The predict function for a VDA_R object.

Usage

## S3 method for class 'VDA_R':
predict(object, newdata=NULL, ...)

Arguments

object
An object of class 'VDA_R', usually the result of a call to VDA_R.
newdata
An optional n x p matrix or data frame containing new data to be classified using VDA. The data must contain the same number of attributes as the training data.
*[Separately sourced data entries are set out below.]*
(* From [z = (1 + t) y - t x] we get [y = z / (1 + t) + (t / (1 + t)) x]. *)
Lemma conv_anchored_comb (R : V -> Prop) y x t : 0 < t -> R x ->
  conv R ((1 + t) *: y - t *: x) ->
  exists n (f : 'I_n.+1 -> V) w,
    [/\ (forall i, R (f i)), f ord0 = x & anchored_comb y f w].
Proof.
move=> t_gt0 Rx [n [h [nu [Rh [nu_ge0 [nu1 zE]]]]]].
have t1_gt0 : 0 < 1 + t by rewrite addr_gt0.
pose f k := if unlift ord0 k is Some i then h i else x.
pose w k := if unlift ord0 k is Some i then nu i / (1 + t) else t / (1 + t).
have fl i : f (lift ord0 i) = h i by rewrite /f liftK.
have wl i : w (lift ord0 i) = nu i / (1 + t) by rewrite /w liftK.
have f0 : f ord0 = x by rewrite /f unlift_none.
have w0 : w ord0 = t / (1 + t) by rewrite /w unlift_none.
exists n, f, w; split=> //.
  by move=> k; case: (unliftP ord0 k) => [i|] ->; rewrite ?fl ?f0.
split.
- by move=> k; case: (unliftP ord0 k) => [i|] ->; rewrite ?wl ?w0 divr_ge0 ?nu_ge0 ?ltW.
- by rewrite w0 divr_gt0.
- rewrite big_ord_recl w0 addrC; under eq_bigr do rewrite wl.
  by rewrite -mulr_suml nu1 -mulrDl divff ?gt_eqF.
rewrite big_ord_recl f0 w0 addrC; under eq_bigr do rewrite wl fl mulrC -scalerA.
rewrite -scaler_sumr -zE scalerBr !scalerA mulVf ?gt_eqF // scale1r.
by rewrite [_^-1 * t]mulrC subrK.
Qed.

End AffineFamilies.

Theorem lemma2 (K : realFieldType) (d : nat) (R : 'rV[K]_d -> Prop)
  (y : 'rV[K]_d) (hy : relint (conv R) y) (x : 'rV[K]_d) (hx : R x) :
  exists s : seq 'rV[K]_d,
    [/\ uniq s, (forall z, z \in s -> R z), aff_indep s,
        (size s <= d.+1)%N &
        (x \in s /\ relint (conv (fun z => z \in s)) y)].
Proof.
have convRx : conv R x.
  exists 1%N, (fun=> x), (fun=> 1); split=> //; split=> [_|]; first exact: ler01.
  by rewrite !big_ord1 scale1r.
have [t [t_gt0 convRz]] := relint_push hy convRx.
have [n [f [w [Rf f0 hw]]]] := conv_anchored_comb t_gt0 hx convRz.
have [m [g [mu [Rg g0 free mu_gt0 [mu1 yE]]]]] := caratheodory_anchored Rf hw.
exists (codom g); split.
- by rewrite codomE map_inj_uniq ?enum_uniq //; exact: affine_free_inj.
- by move=> z /codomP [k ->].
- exact: aff_indep_codom.
- by rewrite size_codom card_ord ltnS (affine_free_card_le free).
split; first by rewrite -f0 -g0 codom_f.
by apply: relint_conv_affine_free free _ _ mu_gt0 mu1 yE => [z /codomP|k]; rewrite ?codom_f.
Qed.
If newdata is omitted, the training data is used.
...
Not used.

Details

The prediction funtion for Vertex Discriminant Analysis (VDA_R). Returns 1 x n vector in which each element represents the predicted value for the corresponding case.

References

Lange, K. and Wu, T.T. (2008) An MM Algorithm for Multicategory Vertex Discriminant Analysis. Journal of Computational and Graphical Statistics, Volume 17, No 3, 527-544.

See Also

VDA_R, summary.VDA_R, print.VDA_R

Examples

Run this code
# load data
data(zoo)

# feature matrix without intercept
x <- zoo[,2:17]

# class vector
y <- zoo[,18]

#run VDA
out <- VDA_R(x,y)

onecase <- matrix(c(0,1,1,0,0,0,1,0,1,1,0,0,2,1,0,1),1,16)
predict(out, onecase)

fivecases <- matrix(0,5,16)
fivecases[1,] <- c(0,0,1,0,0,1,0,1,1,0,0,1,0,1,0,0)
fivecases[2,] <- c(0,0,1,0,1,0,1,0,0,1,0,0,6,0,0,0)
fivecases[3,] <- c(0,0,1,0,0,1,1,0,0,0,0,0,4,0,0,0)
fivecases[4,] <- c(1,0,0,1,0,0,0,1,1,1,0,0,4,1,1,1)
fivecases[5,] <- c(0,0,0,0,0,1,1,1,1,0,1,0,0,1,0,0)
predict(out, fivecases)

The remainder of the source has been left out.